WHAT THE TASK ASKS
Copy the listing that follows, line for line, without a single difference.

DATA SECTION
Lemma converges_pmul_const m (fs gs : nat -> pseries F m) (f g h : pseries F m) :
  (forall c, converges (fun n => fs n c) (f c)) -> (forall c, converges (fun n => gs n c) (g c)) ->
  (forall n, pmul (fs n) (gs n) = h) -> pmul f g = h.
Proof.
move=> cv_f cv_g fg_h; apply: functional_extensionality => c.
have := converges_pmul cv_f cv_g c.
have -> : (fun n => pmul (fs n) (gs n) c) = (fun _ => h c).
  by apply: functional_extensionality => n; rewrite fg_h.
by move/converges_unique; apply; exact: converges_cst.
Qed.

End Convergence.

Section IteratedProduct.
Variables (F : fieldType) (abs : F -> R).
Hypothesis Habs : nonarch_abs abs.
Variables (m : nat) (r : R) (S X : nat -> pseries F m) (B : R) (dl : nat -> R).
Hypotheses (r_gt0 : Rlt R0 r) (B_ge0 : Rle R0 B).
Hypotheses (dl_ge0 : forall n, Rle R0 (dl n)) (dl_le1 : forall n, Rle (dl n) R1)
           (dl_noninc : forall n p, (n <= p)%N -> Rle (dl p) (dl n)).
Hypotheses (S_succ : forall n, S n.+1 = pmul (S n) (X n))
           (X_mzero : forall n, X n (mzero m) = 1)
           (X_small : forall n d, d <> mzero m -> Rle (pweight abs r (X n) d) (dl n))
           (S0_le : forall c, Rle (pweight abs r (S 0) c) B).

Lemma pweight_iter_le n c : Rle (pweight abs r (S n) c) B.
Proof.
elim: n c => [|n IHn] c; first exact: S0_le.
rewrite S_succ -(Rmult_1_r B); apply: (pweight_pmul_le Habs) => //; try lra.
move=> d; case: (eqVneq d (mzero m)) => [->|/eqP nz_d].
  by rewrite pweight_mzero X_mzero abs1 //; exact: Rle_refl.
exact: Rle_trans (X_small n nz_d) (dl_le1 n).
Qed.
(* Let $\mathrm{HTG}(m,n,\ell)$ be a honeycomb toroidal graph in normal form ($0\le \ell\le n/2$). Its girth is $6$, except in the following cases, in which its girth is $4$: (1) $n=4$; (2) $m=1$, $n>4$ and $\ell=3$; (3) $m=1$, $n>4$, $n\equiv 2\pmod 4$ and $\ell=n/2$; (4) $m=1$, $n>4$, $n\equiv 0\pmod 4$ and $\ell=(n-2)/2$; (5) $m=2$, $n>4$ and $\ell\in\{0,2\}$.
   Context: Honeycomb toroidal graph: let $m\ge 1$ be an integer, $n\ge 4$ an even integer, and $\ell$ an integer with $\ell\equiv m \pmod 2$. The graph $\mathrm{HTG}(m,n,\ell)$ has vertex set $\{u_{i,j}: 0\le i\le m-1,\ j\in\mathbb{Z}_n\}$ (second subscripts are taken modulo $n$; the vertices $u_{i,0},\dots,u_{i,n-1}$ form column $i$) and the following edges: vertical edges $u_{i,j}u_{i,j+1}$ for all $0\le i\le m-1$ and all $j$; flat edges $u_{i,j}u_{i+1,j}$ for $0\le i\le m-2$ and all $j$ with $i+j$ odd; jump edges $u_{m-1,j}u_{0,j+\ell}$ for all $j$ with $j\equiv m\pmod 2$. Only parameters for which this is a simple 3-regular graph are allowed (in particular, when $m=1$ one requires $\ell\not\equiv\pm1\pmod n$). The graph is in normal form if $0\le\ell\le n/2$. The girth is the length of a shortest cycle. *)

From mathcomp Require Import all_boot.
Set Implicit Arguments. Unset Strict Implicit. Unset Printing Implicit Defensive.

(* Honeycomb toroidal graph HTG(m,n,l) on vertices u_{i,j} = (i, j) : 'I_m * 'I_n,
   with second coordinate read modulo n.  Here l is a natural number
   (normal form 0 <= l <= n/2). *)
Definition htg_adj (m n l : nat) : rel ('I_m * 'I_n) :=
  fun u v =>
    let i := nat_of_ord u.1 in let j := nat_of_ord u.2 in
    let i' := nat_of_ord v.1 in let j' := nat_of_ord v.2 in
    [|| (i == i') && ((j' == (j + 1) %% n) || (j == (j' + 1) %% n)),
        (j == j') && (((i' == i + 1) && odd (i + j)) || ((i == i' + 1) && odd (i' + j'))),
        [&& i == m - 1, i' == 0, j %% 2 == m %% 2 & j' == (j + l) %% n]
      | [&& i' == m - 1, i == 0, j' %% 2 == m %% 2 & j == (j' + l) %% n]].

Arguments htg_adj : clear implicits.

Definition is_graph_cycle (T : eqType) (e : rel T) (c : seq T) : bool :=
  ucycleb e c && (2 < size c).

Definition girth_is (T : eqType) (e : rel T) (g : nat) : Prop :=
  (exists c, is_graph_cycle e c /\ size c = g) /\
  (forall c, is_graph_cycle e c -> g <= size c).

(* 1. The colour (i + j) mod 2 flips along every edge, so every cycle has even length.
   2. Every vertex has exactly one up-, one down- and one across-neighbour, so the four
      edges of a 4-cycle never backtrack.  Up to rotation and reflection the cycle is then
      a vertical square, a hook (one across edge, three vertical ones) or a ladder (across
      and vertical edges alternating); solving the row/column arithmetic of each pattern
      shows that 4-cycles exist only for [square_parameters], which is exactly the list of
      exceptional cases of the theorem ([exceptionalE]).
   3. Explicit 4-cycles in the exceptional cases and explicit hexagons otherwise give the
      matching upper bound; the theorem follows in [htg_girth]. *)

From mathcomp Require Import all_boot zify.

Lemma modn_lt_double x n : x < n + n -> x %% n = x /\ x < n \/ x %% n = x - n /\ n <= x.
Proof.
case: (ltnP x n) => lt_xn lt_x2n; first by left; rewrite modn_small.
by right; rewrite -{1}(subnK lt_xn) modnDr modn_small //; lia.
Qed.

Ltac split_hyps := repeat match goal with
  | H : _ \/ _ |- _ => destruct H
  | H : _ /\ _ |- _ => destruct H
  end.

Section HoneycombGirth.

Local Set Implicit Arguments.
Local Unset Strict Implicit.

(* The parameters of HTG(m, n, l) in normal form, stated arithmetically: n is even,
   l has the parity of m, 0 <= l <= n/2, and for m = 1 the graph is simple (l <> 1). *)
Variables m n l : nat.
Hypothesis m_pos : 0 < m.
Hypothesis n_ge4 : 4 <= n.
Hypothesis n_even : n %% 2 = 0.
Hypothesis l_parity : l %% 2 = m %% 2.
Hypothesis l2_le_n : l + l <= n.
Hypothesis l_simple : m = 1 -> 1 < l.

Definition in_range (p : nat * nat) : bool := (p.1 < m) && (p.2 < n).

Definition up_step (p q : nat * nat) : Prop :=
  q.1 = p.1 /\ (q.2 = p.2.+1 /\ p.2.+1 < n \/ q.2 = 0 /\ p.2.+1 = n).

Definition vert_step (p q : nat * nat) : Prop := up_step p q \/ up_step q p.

RESPONSE TO THE TASK
Lemma converges_pmul_const m (fs gs : nat -> pseries F m) (f g h : pseries F m) :
  (forall c, converges (fun n => fs n c) (f c)) -> (forall c, converges (fun n => gs n c) (g c)) ->
  (forall n, pmul (fs n) (gs n) = h) -> pmul f g = h.
Proof.
move=> cv_f cv_g fg_h; apply: functional_extensionality => c.
have := converges_pmul cv_f cv_g c.
have -> : (fun n => pmul (fs n) (gs n) c) = (fun _ => h c).
  by apply: functional_extensionality => n; rewrite fg_h.
by move/converges_unique; apply; exact: converges_cst.
Qed.

End Convergence.

Section IteratedProduct.
Variables (F : fieldType) (abs : F -> R).
Hypothesis Habs : nonarch_abs abs.
Variables (m : nat) (r : R) (S X : nat -> pseries F m) (B : R) (dl : nat -> R).
Hypotheses (r_gt0 : Rlt R0 r) (B_ge0 : Rle R0 B).
Hypotheses (dl_ge0 : forall n, Rle R0 (dl n)) (dl_le1 : forall n, Rle (dl n) R1)
           (dl_noninc : forall n p, (n <= p)%N -> Rle (dl p) (dl n)).
Hypotheses (S_succ : forall n, S n.+1 = pmul (S n) (X n))
           (X_mzero : forall n, X n (mzero m) = 1)
           (X_small : forall n d, d <> mzero m -> Rle (pweight abs r (X n) d) (dl n))
           (S0_le : forall c, Rle (pweight abs r (S 0) c) B).

Lemma pweight_iter_le n c : Rle (pweight abs r (S n) c) B.
Proof.
elim: n c => [|n IHn] c; first exact: S0_le.
rewrite S_succ -(Rmult_1_r B); apply: (pweight_pmul_le Habs) => //; try lra.
move=> d; case: (eqVneq d (mzero m)) => [->|/eqP nz_d].
  by rewrite pweight_mzero X_mzero abs1 //; exact: Rle_refl.
exact: Rle_trans (X_small n nz_d) (dl_le1 n).
Qed.
(* Let $\mathrm{HTG}(m,n,\ell)$ be a honeycomb toroidal graph in normal form ($0\le \ell\le n/2$). Its girth is $6$, except in the following cases, in which its girth is $4$: (1) $n=4$; (2) $m=1$, $n>4$ and $\ell=3$; (3) $m=1$, $n>4$, $n\equiv 2\pmod 4$ and $\ell=n/2$; (4) $m=1$, $n>4$, $n\equiv 0\pmod 4$ and $\ell=(n-2)/2$; (5) $m=2$, $n>4$ and $\ell\in\{0,2\}$.
   Context: Honeycomb toroidal graph: let $m\ge 1$ be an integer, $n\ge 4$ an even integer, and $\ell$ an integer with $\ell\equiv m \pmod 2$. The graph $\mathrm{HTG}(m,n,\ell)$ has vertex set $\{u_{i,j}: 0\le i\le m-1,\ j\in\mathbb{Z}_n\}$ (second subscripts are taken modulo $n$; the vertices $u_{i,0},\dots,u_{i,n-1}$ form column $i$) and the following edges: vertical edges $u_{i,j}u_{i,j+1}$ for all $0\le i\le m-1$ and all $j$; flat edges $u_{i,j}u_{i+1,j}$ for $0\le i\le m-2$ and all $j$ with $i+j$ odd; jump edges $u_{m-1,j}u_{0,j+\ell}$ for all $j$ with $j\equiv m\pmod 2$. Only parameters for which this is a simple 3-regular graph are allowed (in particular, when $m=1$ one requires $\ell\not\equiv\pm1\pmod n$). The graph is in normal form if $0\le\ell\le n/2$. The girth is the length of a shortest cycle. *)

From mathcomp Require Import all_boot.
Set Implicit Arguments. Unset Strict Implicit. Unset Printing Implicit Defensive.

(* Honeycomb toroidal graph HTG(m,n,l) on vertices u_{i,j} = (i, j) : 'I_m * 'I_n,
   with second coordinate read modulo n.  Here l is a natural number
   (normal form 0 <= l <= n/2). *)
Definition htg_adj (m n l : nat) : rel ('I_m * 'I_n) :=
  fun u v =>
    let i := nat_of_ord u.1 in let j := nat_of_ord u.2 in
    let i' := nat_of_ord v.1 in let j' := nat_of_ord v.2 in
    [|| (i == i') && ((j' == (j + 1) %% n) || (j == (j' + 1) %% n)),
        (j == j') && (((i' == i + 1) && odd (i + j)) || ((i == i' + 1) && odd (i' + j'))),
        [&& i == m - 1, i' == 0, j %% 2 == m %% 2 & j' == (j + l) %% n]
      | [&& i' == m - 1, i == 0, j' %% 2 == m %% 2 & j == (j' + l) %% n]].

Arguments htg_adj : clear implicits.

Definition is_graph_cycle (T : eqType) (e : rel T) (c : seq T) : bool :=
  ucycleb e c && (2 < size c).

Definition girth_is (T : eqType) (e : rel T) (g : nat) : Prop :=
  (exists c, is_graph_cycle e c /\ size c = g) /\
  (forall c, is_graph_cycle e c -> g <= size c).

(* 1. The colour (i + j) mod 2 flips along every edge, so every cycle has even length.
   2. Every vertex has exactly one up-, one down- and one across-neighbour, so the four
      edges of a 4-cycle never backtrack.  Up to rotation and reflection the cycle is then
      a vertical square, a hook (one across edge, three vertical ones) or a ladder (across
      and vertical edges alternating); solving the row/column arithmetic of each pattern
      shows that 4-cycles exist only for [square_parameters], which is exactly the list of
      exceptional cases of the theorem ([exceptionalE]).
   3. Explicit 4-cycles in the exceptional cases and explicit hexagons otherwise give the
      matching upper bound; the theorem follows in [htg_girth]. *)

From mathcomp Require Import all_boot zify.

Lemma modn_lt_double x n : x < n + n -> x %% n = x /\ x < n \/ x %% n = x - n /\ n <= x.
Proof.
case: (ltnP x n) => lt_xn lt_x2n; first by left; rewrite modn_small.
by right; rewrite -{1}(subnK lt_xn) modnDr modn_small //; lia.
Qed.

Ltac split_hyps := repeat match goal with
  | H : _ \/ _ |- _ => destruct H
  | H : _ /\ _ |- _ => destruct H
  end.

Section HoneycombGirth.

Local Set Implicit Arguments.
Local Unset Strict Implicit.

(* The parameters of HTG(m, n, l) in normal form, stated arithmetically: n is even,
   l has the parity of m, 0 <= l <= n/2, and for m = 1 the graph is simple (l <> 1). *)
Variables m n l : nat.
Hypothesis m_pos : 0 < m.
Hypothesis n_ge4 : 4 <= n.
Hypothesis n_even : n %% 2 = 0.
Hypothesis l_parity : l %% 2 = m %% 2.
Hypothesis l2_le_n : l + l <= n.
Hypothesis l_simple : m = 1 -> 1 < l.

Definition in_range (p : nat * nat) : bool := (p.1 < m) && (p.2 < n).

Definition up_step (p q : nat * nat) : Prop :=
  q.1 = p.1 /\ (q.2 = p.2.+1 /\ p.2.+1 < n \/ q.2 = 0 /\ p.2.+1 = n).

Definition vert_step (p q : nat * nat) : Prop := up_step p q \/ up_step q p.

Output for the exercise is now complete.